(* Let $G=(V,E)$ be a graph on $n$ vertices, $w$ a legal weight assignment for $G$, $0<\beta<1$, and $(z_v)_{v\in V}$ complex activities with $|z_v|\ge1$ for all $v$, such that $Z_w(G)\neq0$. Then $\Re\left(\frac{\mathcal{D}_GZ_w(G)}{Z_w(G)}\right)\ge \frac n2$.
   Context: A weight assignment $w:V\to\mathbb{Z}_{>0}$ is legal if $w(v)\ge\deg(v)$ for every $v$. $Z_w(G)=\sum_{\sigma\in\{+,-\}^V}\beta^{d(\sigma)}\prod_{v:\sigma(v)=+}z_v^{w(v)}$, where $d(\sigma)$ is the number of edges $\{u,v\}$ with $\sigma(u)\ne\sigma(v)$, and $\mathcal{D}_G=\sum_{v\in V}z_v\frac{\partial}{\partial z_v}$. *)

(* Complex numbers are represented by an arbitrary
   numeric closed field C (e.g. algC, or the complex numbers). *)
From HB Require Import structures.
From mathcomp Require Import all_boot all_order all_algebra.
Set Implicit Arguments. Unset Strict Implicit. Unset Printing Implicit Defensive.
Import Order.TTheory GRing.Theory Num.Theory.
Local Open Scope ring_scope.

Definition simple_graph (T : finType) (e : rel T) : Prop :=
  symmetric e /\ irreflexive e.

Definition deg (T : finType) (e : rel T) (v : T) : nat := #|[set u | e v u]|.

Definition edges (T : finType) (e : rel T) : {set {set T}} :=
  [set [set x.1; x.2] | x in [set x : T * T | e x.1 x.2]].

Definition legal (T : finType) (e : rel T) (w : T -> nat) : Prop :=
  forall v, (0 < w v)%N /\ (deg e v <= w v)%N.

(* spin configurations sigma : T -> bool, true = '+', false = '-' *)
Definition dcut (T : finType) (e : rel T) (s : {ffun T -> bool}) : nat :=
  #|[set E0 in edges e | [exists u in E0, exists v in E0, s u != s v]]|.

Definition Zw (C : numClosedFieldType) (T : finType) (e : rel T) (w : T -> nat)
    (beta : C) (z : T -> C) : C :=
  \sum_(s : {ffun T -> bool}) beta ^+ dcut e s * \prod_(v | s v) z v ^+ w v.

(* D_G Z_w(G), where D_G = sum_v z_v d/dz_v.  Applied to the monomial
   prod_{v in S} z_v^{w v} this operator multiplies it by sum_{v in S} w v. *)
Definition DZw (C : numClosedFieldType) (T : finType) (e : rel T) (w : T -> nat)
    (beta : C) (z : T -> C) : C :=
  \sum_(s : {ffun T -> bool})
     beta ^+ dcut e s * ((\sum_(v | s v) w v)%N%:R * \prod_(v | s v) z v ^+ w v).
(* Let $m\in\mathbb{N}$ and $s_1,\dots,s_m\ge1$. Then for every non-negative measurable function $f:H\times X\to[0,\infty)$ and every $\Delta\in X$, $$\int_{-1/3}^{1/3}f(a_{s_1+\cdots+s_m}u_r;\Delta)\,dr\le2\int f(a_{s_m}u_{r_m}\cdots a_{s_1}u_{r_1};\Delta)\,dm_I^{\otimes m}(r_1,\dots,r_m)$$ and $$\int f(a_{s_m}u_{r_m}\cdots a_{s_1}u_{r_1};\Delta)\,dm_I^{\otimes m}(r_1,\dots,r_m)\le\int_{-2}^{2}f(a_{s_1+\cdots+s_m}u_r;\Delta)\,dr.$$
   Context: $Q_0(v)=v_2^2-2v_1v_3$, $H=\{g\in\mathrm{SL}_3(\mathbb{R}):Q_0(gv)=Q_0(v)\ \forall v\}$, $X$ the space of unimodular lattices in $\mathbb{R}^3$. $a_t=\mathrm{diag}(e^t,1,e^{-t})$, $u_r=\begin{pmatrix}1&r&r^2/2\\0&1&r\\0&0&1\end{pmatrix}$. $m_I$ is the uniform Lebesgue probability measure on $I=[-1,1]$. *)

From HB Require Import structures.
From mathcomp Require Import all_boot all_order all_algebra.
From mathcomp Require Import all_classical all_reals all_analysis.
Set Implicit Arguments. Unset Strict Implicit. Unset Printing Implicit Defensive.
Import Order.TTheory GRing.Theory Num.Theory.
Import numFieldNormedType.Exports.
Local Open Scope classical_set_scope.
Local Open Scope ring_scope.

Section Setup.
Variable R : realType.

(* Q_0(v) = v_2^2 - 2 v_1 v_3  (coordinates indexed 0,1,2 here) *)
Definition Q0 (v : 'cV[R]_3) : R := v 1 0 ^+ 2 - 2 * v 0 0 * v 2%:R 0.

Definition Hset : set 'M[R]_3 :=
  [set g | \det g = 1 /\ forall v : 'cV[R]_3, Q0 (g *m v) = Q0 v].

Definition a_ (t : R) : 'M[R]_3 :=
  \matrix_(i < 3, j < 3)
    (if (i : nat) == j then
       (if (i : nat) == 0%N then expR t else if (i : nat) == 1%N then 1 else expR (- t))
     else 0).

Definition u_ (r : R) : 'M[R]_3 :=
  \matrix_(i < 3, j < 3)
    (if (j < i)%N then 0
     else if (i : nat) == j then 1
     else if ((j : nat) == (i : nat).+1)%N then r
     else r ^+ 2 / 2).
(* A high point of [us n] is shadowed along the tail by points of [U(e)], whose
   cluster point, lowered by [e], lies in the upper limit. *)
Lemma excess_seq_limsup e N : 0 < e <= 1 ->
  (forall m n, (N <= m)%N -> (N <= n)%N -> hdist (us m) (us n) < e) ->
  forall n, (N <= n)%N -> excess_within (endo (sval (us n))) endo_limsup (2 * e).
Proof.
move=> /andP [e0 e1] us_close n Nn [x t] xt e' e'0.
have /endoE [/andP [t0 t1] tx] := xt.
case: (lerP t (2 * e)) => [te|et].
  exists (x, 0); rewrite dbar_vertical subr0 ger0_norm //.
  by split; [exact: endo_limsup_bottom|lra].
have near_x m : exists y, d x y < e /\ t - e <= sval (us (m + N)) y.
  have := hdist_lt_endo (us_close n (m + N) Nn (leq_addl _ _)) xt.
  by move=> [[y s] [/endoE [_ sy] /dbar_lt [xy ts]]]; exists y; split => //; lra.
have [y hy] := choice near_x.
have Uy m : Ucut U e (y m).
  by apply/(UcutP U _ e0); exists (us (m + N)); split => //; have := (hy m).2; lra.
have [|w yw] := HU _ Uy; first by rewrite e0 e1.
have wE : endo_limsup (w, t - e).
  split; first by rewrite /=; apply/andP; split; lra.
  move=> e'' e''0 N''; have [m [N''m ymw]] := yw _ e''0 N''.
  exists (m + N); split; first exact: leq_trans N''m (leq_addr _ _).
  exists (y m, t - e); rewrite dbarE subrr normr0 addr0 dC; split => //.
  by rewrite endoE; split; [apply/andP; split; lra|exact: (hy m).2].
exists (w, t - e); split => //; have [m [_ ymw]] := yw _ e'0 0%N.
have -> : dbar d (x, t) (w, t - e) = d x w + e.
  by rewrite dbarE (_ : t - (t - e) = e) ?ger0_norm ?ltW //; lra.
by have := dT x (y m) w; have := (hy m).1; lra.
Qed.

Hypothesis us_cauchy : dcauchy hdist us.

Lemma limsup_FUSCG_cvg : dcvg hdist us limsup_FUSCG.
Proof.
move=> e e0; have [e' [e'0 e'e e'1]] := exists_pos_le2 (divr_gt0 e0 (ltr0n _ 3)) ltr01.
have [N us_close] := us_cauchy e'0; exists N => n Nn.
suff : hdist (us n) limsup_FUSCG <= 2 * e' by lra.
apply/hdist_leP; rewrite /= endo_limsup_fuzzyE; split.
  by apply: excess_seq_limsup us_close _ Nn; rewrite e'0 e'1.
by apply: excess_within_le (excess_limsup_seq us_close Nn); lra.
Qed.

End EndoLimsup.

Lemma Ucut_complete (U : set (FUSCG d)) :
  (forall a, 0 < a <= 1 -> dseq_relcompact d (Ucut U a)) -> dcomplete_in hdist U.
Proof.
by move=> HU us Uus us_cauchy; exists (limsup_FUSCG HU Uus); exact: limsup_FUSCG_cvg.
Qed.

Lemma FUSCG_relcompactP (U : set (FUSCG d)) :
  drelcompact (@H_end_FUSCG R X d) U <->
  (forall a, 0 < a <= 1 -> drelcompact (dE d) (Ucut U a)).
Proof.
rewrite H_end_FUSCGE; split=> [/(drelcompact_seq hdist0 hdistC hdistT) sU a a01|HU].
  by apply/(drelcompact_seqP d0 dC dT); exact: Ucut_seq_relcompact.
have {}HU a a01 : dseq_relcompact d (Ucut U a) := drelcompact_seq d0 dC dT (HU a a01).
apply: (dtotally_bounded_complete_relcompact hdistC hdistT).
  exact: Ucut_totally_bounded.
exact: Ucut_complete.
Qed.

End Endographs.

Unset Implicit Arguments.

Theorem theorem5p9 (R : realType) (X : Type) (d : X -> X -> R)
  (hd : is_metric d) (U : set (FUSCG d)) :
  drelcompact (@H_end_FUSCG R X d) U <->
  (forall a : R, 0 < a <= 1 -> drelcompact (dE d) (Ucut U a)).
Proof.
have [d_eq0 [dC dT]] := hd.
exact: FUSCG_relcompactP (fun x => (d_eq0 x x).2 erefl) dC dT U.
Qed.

#####

# EXERCISE AIM
Look above for the line containing "have [|w yw]". Output from there through the line containing "exists (y m, t", exactly and inclusively.

# SOLUTION TO THIS PROBLEM
have [|w yw] := HU _ Uy; first by rewrite e0 e1.
have wE : endo_limsup (w, t - e).
  split; first by rewrite /=; apply/andP; split; lra.
  move=> e'' e''0 N''; have [m [N''m ymw]] := yw _ e''0 N''.
  exists (m + N); split; first exact: leq_trans N''m (leq_addr _ _).
  exists (y m, t - e); rewrite dbarE subrr normr0 addr0 dC; split => //.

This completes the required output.